When you jump online and search for something, do you love that the search engine is smart enough to recognize the phrase and try to finish it for you? How about this one . . . you’re shopping online and suddenly you’re directed to what “others” looked at or purchased that are similar to what you’re looking at. Based on what the system knows, it has sped up the process for you. The users before have taught the system, and then the system applied what it learned so that the next user would benefit by the expedited process. Now that the engine has either finished the phrase for you or filtered similar items to the top, that doesn’t mean you have to proceed with that result or purchase everything on the page; it’s just a ‘better’ starting point to begin to use your human eye to determine what you want to view or what you want to purchase. It also doesn’t mean that there aren’t other relevant items out there, but at least you’re off to a good start. You may recall that before these nifty features existed, it was sometimes exhausting to search the internet or shop online.
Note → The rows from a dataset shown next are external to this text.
Definition GDGamma (op : (T -> Prop) -> Prop) (C : coll) : Prop :=
  (forall V, C V -> Gdelta op V) /\
  ~ finite_coll C /\
  (forall U, op U -> (exists x, U x) ->
     finite_coll (fun V => C V /\ ~ exists x, U x /\ V x)).

Definition S1 (A B : coll -> Prop) : Prop :=
  forall An : nat -> coll, (forall n, A (An n)) ->
    exists Bn : nat -> T -> Prop, (forall n, An n (Bn n)) /\
      B (fun V => exists n, V = Bn n).

End Topology.

Arguments T1 {T}. Arguments dense {T}. Arguments Gdelta {T}. Arguments compact {T}.
Arguments finite_coll {T}. Arguments GK {T}. Arguments GGamma {T}. Arguments GDGamma {T}.
Arguments S1 {T}. Arguments is_topology {T}.

Definition sub_open {T : Type} (op : (T -> Prop) -> Prop) (D : T -> Prop)
  : ({x : T | D x} -> Prop) -> Prop :=
  fun V => exists U, op U /\ forall y : {x : T | D x}, V y <-> U (proj1_sig y).

(* Let (U_n) be a sequence of G_K-covers of X.  Call n good when every compact
   K included in D lies in some member of U_n that does not contain D; at a bad
   index some member of U_n containing a given compact K ⊆ D contains all of D.
   1. If some index g0 is good, the traces on D of the finite intersections
      V_0 ∩ ... ∩ V_(n+g0) (V_i ∈ U_i, V_i not containing D when i is good) form
      G_K-covers A_n of the subspace D.  S_1(G_K, G_Gamma) picks W_n ∈ A_n forming
      a gamma-cover of D; taking at step m the m-th factor of a W_(N m) that is
      new among W_0, ..., W_(m-1), we get for every good m a set g_m ∈ U_m not
      containing D, such that each point of D lies in g_m for all large m.
   2. The final selection B_n is g_n at good indices and, at bad ones, a member
      of U_n containing D and different from B_0, ..., B_(n-1).  Every point of D
      is eventually in B_n, so by density every nonempty open set meets all but
      finitely many B_n; and the B_n are infinitely many distinct sets, either
      because infinitely many good g_n avoid points of D or because the bad B_n
      are eventually pairwise distinct. *)

From Stdlib Require Import List Arith Lia Classical ClassicalEpsilon.
Import ListNotations.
The same holds true for document review. What I’ve described above is predictive coding. Document review becomes tedious and the accuracy of the review begins to decline after a while. These features that you’re already familiar with are now at your fingertips to accompany document review. On the eve of the next release of Summation, I think it’s important for our users to understand that they can feel just as comfortable with predictive coding as they did when they embraced the features online for searching or shopping. In order to understand the process, there are three steps to predictive coding: teaching the system, applying the system’s learning, and performing quality control.
First, in order to teach the system, identify a data subset that represents the file types existing in the entire collection of documents you wish to predictively code. This subset will be referred to as “the seed set”. Have a group of your reviewers code these documents using a specific coding layout. The reviewers will identify whether or not each document is responsive or privileged and capture keywords along the way. Meanwhile, the application will monitor the reviewers’ coding and will generate an algorithm to use in performing its own analysis.
Second, once your team has completed its review of the subset, you engage the predictive coding tool. It will utilize its learned algorithm and conduct its own review of the seed set. Then, the system will generate a confidence level score letting you know how accurate it was and how confident it feels about going forward on its own. If the score is not high enough, you should continue coding additional documents and reapply the tool until you reach the desired level of confidence. Once you reach the level you desire, allow the system to analyze the remaining document collection.
Finally, in order to perform quality control, filter on the documents that were just coded and confirm the accuracy. Now, you can organize by predicted degree of relevance or responsiveness and distribute them for further review with human eyes to bring the review process full circle.
There is a lot of hype in the industry on predictive coding that is wrapped around judicial opinions. Many of you may be waiting for that nod of approval encouraging the use of predictive coding.
Here’s an exercise for you: Take a moment away from this blog and Google “Judge Peck”. Did you notice that the computer automatically wanted to take you to “Judge Peck predictive coding”?
Predictive coding is simply using the already-tested technology to cull your data so that what is most likely relevant or privileged is filtered for you to save time and improve accuracy. It is still necessary for you and your team to view these documents and make a final decision.
The beauty is that you taught the system to begin with.